Irina Nordkin¹˒ ³ MD, MHA, Tatyana Levinas ²˒ ³MD, Inna Rosenfeld¹˒ ³ MD, Majdi Halabi¹˒ ³ MD
¹ - Ziv Medical Center, Cardiology Department, Tzfat, Israel,
² - Ziv Medical Center, Heart Rehabilitation Department, Tzfat, Israel
³ - The Azrieli Faculty of Medicine, Bar-Ilan University, Israel
Corresponding Author: Irina Nordkin MD, MHA
E-mail: irina.n@ziv.health.gov.il
Home address: Tzofit 18, Karmiel, Israel 21724
Abstract: The case of a 71 year-old woman with rapid atrial fibrillation who underwent electrical cardioversion and amiodarone therapy. QT interval prolongation was observed with the development of torsades de pointes that required recurrent electrical cardioversion and temporal pacemaker implantation.
Key Clinical Message : Amiodarone induced torsade de pointes is very rare tachyarrhythmia developed during intravenous therapy for atrial fibrillation. Careful monitoring of the QT interval can prevent development of this life-threatening arrhythmia.
Introduction: Amiodarone is a class III antiarrhythmic agent with a low frequency of pro-arrhythmic effect and an incidence of torsade de pointes (TdP) of <1.0% (1-3). Intravenous (IV) amiodarone is useful for the treatment of atrial fibrillation and ventricular tachyarrhythmias (4). We presented the rare case of a woman with rapid atrial fibrillation (AF) who developed TdP on day 3 of intravenous amiodarone therapy.
Case Report: A 71 year-old woman with a history of diabetes mellitus and hypertension treated with metformin and bisoprolol 2.5 mg, admitted with palpitations and dyspnea for two days. An examination revealed wheezing on the base of the lungs and rapid AF on ECG with QT interval of 326 msec, QTc 405 msec (Fig.1). Transoesophageal echocardiogram excluded left atrial thrombus and showed preserved left ventricular function. Electrical cardioversion to NSR was done and infusion of amiodarone 1 mg/min for 6 hours, then 0.5 mg/min for 18 hours started after 150 mg bolus. Soon atrial fibrillation developed again. For treatment after the first 24h, the maintenance infusion of amiodarone 0.5 mg/min was continued. Electrolytes were in the normal ranges.

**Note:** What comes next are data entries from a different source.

(* Let $p\in[1,\infty)$, $w$ a weight sequence, and let $A\subset L_{p,w}$ be bounded in $\|\cdot\|_{p,w}$. Then $A$ is equinormed with respect to $\{\|\cdot\|_{p,w,i}\}_{i\in\mathbb{N}}$ if and only if $$\forall\varepsilon>0\ \exists N\in\mathbb{N}\ \forall a\in A\ \forall i\ge N:\ \sum_{j=i+1}^\infty|a_j|^p\, w_{(\sigma^a)^{-1}_j}<\varepsilon.$$
   Context: A weight sequence is a sequence $w=(w_i)$ of positive reals with $w_1=1\ge w_2\ge\dots$, $w_i\to0$, and $\sum_i w_i=+\infty$. For a real sequence $a$, $\|a\|_{p,w}=\sup_{\sigma}\big(\sum_{i=1}^\infty |a_{\sigma_i}|^p w_i\big)^{1/p}$ over all permutations $\sigma$ of $\mathbb{N}$; $L_{p,w}$ is the set of real sequences with finite norm. $\|a\|_{p,w,i}=\|(a_1,\dots,a_i,0,0,\dots)\|_{p,w}$. $A$ is equinormed if $\forall\varepsilon>0\ \exists i\ \forall a\in A:\ \|a\|_{p,w}\le\|a\|_{p,w,i}+\varepsilon$. For $a\in L_{p,w}$, $\sigma^a:\mathbb{N}\to\mathbb{N}$ is defined recursively: $\sigma^a_i$ is the element $j$ of $\mathbb{N}\setminus\{\sigma^a_1,\dots,\sigma^a_{i-1}\}$ with $|a_j|$ maximal, taking the smallest such index in case of ties (well defined for $a\in L_{p,w}$, injective, with $|a_{\sigma^a_i}|$ nonincreasing). $(\sigma^a)^{-1}$ is its inverse on $\sigma^a(\mathbb{N})$, with the convention $w_{(\sigma^a)^{-1}_j}:=0$ if $j\notin\sigma^a(\mathbb{N})$. *)

(* over an abstract R : realType.
   Sequences are indexed from 0 (paper index k corresponds to Rocq index k-1). *)
From HB Require Import structures.
From mathcomp Require Import all_boot all_order all_algebra.
From mathcomp Require Import all_classical all_reals all_analysis.
Set Implicit Arguments. Unset Strict Implicit. Unset Printing Implicit Defensive.
Import Order.TTheory GRing.Theory Num.Theory.
Local Open Scope classical_set_scope.
Local Open Scope ring_scope.

Section Defs.
Variable R : realType.

Definition weight_seq (w : nat -> R) : Prop :=
  [/\ w 0%N = 1, (forall i, 0 < w i), (forall i, w i.+1 <= w i),
      w @ \oo --> 0 & (\sum_(0 <= i <oo) (w i)%:E = +oo)%E].

Definition normpw (p : R) (w : nat -> R) (a : nat -> R) : \bar R :=
  ereal_sup [set poweR (\sum_(0 <= i <oo) (powR `|a (s i)| p * w i)%:E) p^-1
            | s in [set s : nat -> nat | bijective s]].

Definition Lpw (p : R) (w : nat -> R) (a : nat -> R) : Prop :=
  (normpw p w a < +oo)%E.

Definition trunc (i : nat) (a : nat -> R) : nat -> R :=
  fun j => if (j < i)%N then a j else 0.

Definition normpwi (p : R) (w : nat -> R) (i : nat) (a : nat -> R) : \bar R :=
  normpw p w (trunc i a).

Definition equinormed (p : R) (w : nat -> R) (A : set (nat -> R)) : Prop :=
  forall eps : R, 0 < eps -> exists i : nat, forall a, A a ->
    (normpw p w a <= normpwi p w i a + eps%:E)%E.

Definition sigma_next (a : nat -> R) (l : seq nat) : nat :=
  xget 0%N [set j | j \notin l /\ (forall k, k \notin l -> `|a k| <= `|a j|)
                    /\ (forall k, k \notin l -> `|a k| = `|a j| -> (j <= k)%N)].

On the third day of hospitalization, an electrical cardioversion to NSR was done again after an additional 150 mg bolus of amiodarone. In the evening recurrent episodes of TdP were developed and need to electrical cardioversion (Fig.2). ECG revealed QT prolongation (511 msec, QTc 531 msec). The amiodarone was discontinued. An insertion of temporal pacemaker for 2 days was required to suppress this life-threatening arrhythmia (Fig.3). The QT interval gradually decreased to its baseline value after cessation of the intravenous amiodarone.
Discussion: Although therapy with amiodarone is generally considered safe, torsades de pointes can be developed after intravenous use of the drug (5-6). Amiodarone act by blocking different ion channels involving in the action potential with a dominant effect on potassium channels and therefore can prolong QT interval. The drug also causes bradycardia by suppressing the sinus node and atrio-ventricular conduction. Intravenous amiodarone significant slow intraventricular conduction and does not prevent the inducibility of ventricular tachycardia (7-8). In addition to route, dose and rate administration, other predisposing factors to amiodarone induced TdP may be electrolyte disturbances and bradycardia due to concomitant drugs such as beta blockers and/or digoxin (9). The arrhythmia is more common in women (10).
Our patient was a woman treated with a low dose of beta-blocker on the day of start amiodarone infusion. It may be preferable to avoid initiation of IV amiodarone with beta-blocker. The patient admitted with rapid atrial fibrillation and pulmonary congestion and we need to do cardioversion and start antiarrhythmic drug. Soon after electrical cardioversion to normal sinus rhythm and intravenous amiodarone therapy, her heart rhythm again returned to rapid atrial fibrillation. We continued to treat our patient with IV amiodarone. During this time she was on ECG monitoring, but without regular measurement of QT interval. On the third day we gave additional bolus of amiodarone 150 mg and after that did cardioversion. In this evening amiodarone induced TdP was developed. Significant QT prolongation was revealed on ECG.
Usually amiodarone induced TdP occurs within 24h after initiation of the therapy. In our case it occurred on day 3 of the maintenance infusion of amiodarone. Perhaps we didn’t have to give an additional bolus of amiodarone before the second cardioversion of atrial fibrillation.
Conclusions: C areful monitoring of the QT interval during intravenous amiodarone therapy can prevent development of amiodarone-induced TdP.